2.对照品溶液的配制:精密量取脑对照品适量,加无水乙醇制成每1ml含脑1mg的溶液,作为对照品溶液。

3.色谱条件:以交联键合聚乙二醇为固定相的毛细管柱;柱温120℃;进样口温度250℃;检测器温度250℃;分流进样,分流比10:1。
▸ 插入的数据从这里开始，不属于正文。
Lemma chain_lambda_dim_le2 : lambda_dim_le S 2.
Proof.
move=> E [k [M [g [gen /(_ isT) presM0 /(_ 0%N isT) exM10]]]].
have [Q [d [iQ dpad presD pann]]] := chain_diagonal_presentation chainS presM0 exM10.
have [e eP] := choice pann.
have [e' e'P] := choice (fun r => ann_gen_periodic chainS (eP r)).
apply: (lambda_infinite_diag (fun n => if odd n then e else e') gen presD).
  apply/(row_exact_mulmxr iQ); apply: row_exact_dmx => // i le_k0i.
  by apply: dpad; rewrite le_k0i orbT.
by move=> n i /=; case: (odd n) => /=; case: (e'P i).
Qed.

End LambdaDimension.

Section CyclicModules.
Context {S : comNzRingType} {E : lmodType S}.

Lemma presentation_dmx_ann {k0 k1} {g : 'I_k0 -> E} {d : nat -> S} {Q : 'M[S]_k0} :
  invertible_mx Q -> (forall r, (k1 <= r)%N -> d r = 0) ->
  presentation g (dmx k1 k0 d *m Q) ->
  forall x, (forall j, x *: g j = 0) <-> forall l : 'I_k0, divides (d l) x.
Proof.
move=> [Q' [Q'Q QQ']] dpad presD x.
have xg j : x *: g j = 0 <-> forall l : 'I_k0, divides (d l) (x * Q' j l).
  rewrite -lincomb_delta presD.
  have -> : (exists w, w *m (dmx k1 k0 d *m Q) = x *: delta_mx 0 j :> 'rV_k0) <->
            (exists w, w *m dmx k1 k0 d = (x *: delta_mx 0 j : 'rV_k0) *m Q').
    split=> [[w wDQ]|[w wD]]; first by exists w; rewrite -wDQ -!mulmxA QQ' mulmx1.
    by exists w; rewrite mulmxA wD -mulmxA Q'Q mulmx1.
  have -> : (x *: delta_mx 0 j : 'rV_k0) *m Q' = \row_l (x * Q' j l).
    by apply/rowP => l; rewrite -scalemxAl -rowE !mxE.
  rewrite im_dmx => [|l le_k1l]; last exact: dpad.
  by split=> xQ l; move: (xQ l); rewrite mxE.
split=> [xg0 l|dx j]; last by apply/(xg j) => l; exact: dividesMr.
have -> : x = \sum_j Q l j * (x * Q' j l).
  have : (Q *m Q') l l = 1 by rewrite QQ' mxE eqxx.
  rewrite mxE => /(congr1 (GRing.mul x)); rewrite mulr1 => {1}<-.
  by rewrite mulr_sumr; apply: eq_bigr => j _; rewrite mulrCA mulrA.
by apply: divides_sum => j; apply/dividesMl; exact: (xg j).1 (xg0 j) l.
Qed.

Context {u : E} {b : S}.
Hypothesis cyclic_u : forall e : E, exists s, e = s *: u.
Hypothesis ann_u : forall s, s *: u = 0 <-> divides b s.

Lemma cyclic_lambda_ge1 : lambda_ge E 1.
Proof.
exists (fun=> 1%N), (fun=> \matrix_(i, j) b), (fun=> u); split=> //.
  move=> e; have [s ->] := cyclic_u e; exists (\row_ _ s).
  by rewrite /lincomb big_ord1 mxE.
move=> _ v; rewrite /lincomb big_ord1 ann_u; split=> [[c vc]|[w <-]].
  by exists (\row_ _ c); apply/rowP => j; rewrite !ord1 !mxE big_ord1 !mxE vc.
by exists (w 0 0); rewrite !mxE big_ord1 !mxE.
Qed.

Hypothesis chainS : chain_ring S.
理论塔板数按脑计算应不低于10000。

4.实验方法:配制的对照品溶液,一份置冷处保存,一份置室温中保存,在第1、3、7、10、15天重新配制一份对照品溶液,三种储备液同时稀释制成每1ml中约含50ug的溶液。照气相色谱法,并依据新对照品的峰面积计算原对照品溶液的含量。记录下来,保证原对照品溶液含量在考察期相对平均偏差不超过2.0%,验证对照品溶液在使用期内稳定可靠。
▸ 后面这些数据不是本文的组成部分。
(** * Steiner distance of three vertices *)

Lemma set2_eq (a b c c' : T) :
  [set a; b] = [set c; c'] -> (a = c /\ b = c') \/ (a = c' /\ b = c).
Proof.
move=> eq_ab.
have : a \in [set c; c'] by rewrite -eq_ab set21.
have : b \in [set c; c'] by rewrite -eq_ab set22.
have : c \in [set a; b] by rewrite eq_ab set21.
have : c' \in [set a; b] by rewrite eq_ab set22.
rewrite !inE => /orP[] /eqP c'E /orP[] /eqP cE /orP[] /eqP bE /orP[] /eqP aE;
  by subst; auto.
Qed.

Lemma subgraph_edge X F : is_subgraph e X F -> subrel (edge_rel F) e.
Proof.
move=> /forall_inP X_F a b /X_F /existsP[a' /existsP[b' /and4P[/eqP ab_a'b' + _ _]]].
by case: (set2_eq ab_a'b') => -[-> ->]; rewrite // e_sym.
Qed.

Definition connecting_subgraph (S X : {set T}) (F : {set {set T}}) : bool :=
  [&& S \subset X, is_subgraph e X F & subgraph_connected X F].

Lemma card_edge_set_lt (F : {set {set T}}) : #|F| < #|{set {set T}}|.+1.
Proof.
rewrite ltnS (leq_trans (max_card F)) //.
exact: leq_card (@set1_inj {set T}).
Qed.

Lemma steiner_le S X F : connecting_subgraph S X F -> steiner e S <= #|F|.
Proof.
case/and3P=> S_X X_F X_conn; apply: find_iota_leq (card_edge_set_lt F) _.
by apply/existsP; exists X; apply/existsP; exists F; rewrite S_X X_F X_conn eqxx.
Qed.

Lemma steiner_attained S X F : connecting_subgraph S X F ->
  exists X' F', connecting_subgraph S X' F' /\ #|F'| = steiner e S.
Proof.
case/and3P=> S_X X_F X_conn.
pose P k := [exists X : {set T}, exists F : {set {set T}},
  [&& S \subset X, is_subgraph e X F, subgraph_connected X F & #|F| == k]].
have P_F : P #|F|.
  by apply/existsP; exists X; apply/existsP; exists F; rewrite S_X X_F X_conn eqxx.
have /existsP[X' /existsP[F' /and4P[S_X' X_F' X_conn' /eqP F'_card]]] :=
  find_iota_sat (P := P) (card_edge_set_lt F) P_F.
by exists X', F'; rewrite /connecting_subgraph S_X' X_F' X_conn'.
Qed.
紫草(新疆紫草)(标准品) Cetylpyridinium chloride轴突导向因子1抗体包装25g

紫草A Hydroxychloroquine sulfate酪激B抗体包装5g

紫草苷(标准品) Asperuloside跨膜受体蛋白Notch-3抗体包装5g

紫草茸(标准品) TOK-001中性粒弹性蛋白ELANE抗体包装1g

紫草,左旋紫草(标准品) Kaempferol 3-sophoroside-7-rhamnoside型肝炎病NS4B(65kDa)抗体包装25g

紫草(标准品) Pentoxifylline神经生长因子受体相关蛋白1抗体包装5g

紫丁香苷(标准品) Clebopride死亡结构域蛋白NRH2抗体包装5mg

紫河车(标准品) Buddlejasaponin Ivb神经丝蛋白抗体包装100g

紫花地丁(标准品) Erdosteine磷化核因子抗体包装25g

紫花杜鹃(标准品) Pimecrolimus跨膜受体蛋白Notch-1抗体包装100g

紫花前胡苷(标准品) Torasemide磷化核受体Rev-Erbα抗体包装25g

紫花前胡苷元 Naftopidil dihydrochloride鸡新城疫病抗体包装500mg

紫花前胡 Naftopidil dihydrochloride还原型辅Ⅱ/磷酰腺二核苷抗体包装250ml

紫金莲(标准品) IrbesartanNIT2蛋白抗体包装100ml

紫金龙(标准品) Tegaserod maleate神经分化因子1抗体包装500ml

镰霉菌Fusarium│sp. 质量规格:HPLC>98%,标准品几丁质1试剂盒;Benzaldehyde

腐霉Pythium│ultimum 质量规格:>98.5%集蛋白亚家族成员11试剂盒白头翁皂苷A;Pulchinenosid

尖镰孢Fusarium│oxysporum 质量规格:>98.5%,USP34低密度脂蛋白试剂盒扁桃;Mandelic acid
伊红染色液PDGF-AB  小鼠血小板衍生生长因子规格: 48T

PDGF-BB  小鼠血小板衍生生长因子-BB规格: 48T

P53  小鼠P53蛋白规格: 48T

Osteocalcin  小鼠骨钙su规格: 48T

Oxytoxin  小鼠催产su规格: 48T

使用方法:

1.  常用筛选浓度

注意:用来筛选稳转株的工作浓度需要根据细胞类型,培养基,生长条件和细胞代谢率而变化,推荐使用浓度为50-1000μg/mL。对于第一次使用的实验体系建议通过建立杀灭曲线(kill curve),即剂量反应性曲线,来确定最佳筛选浓度。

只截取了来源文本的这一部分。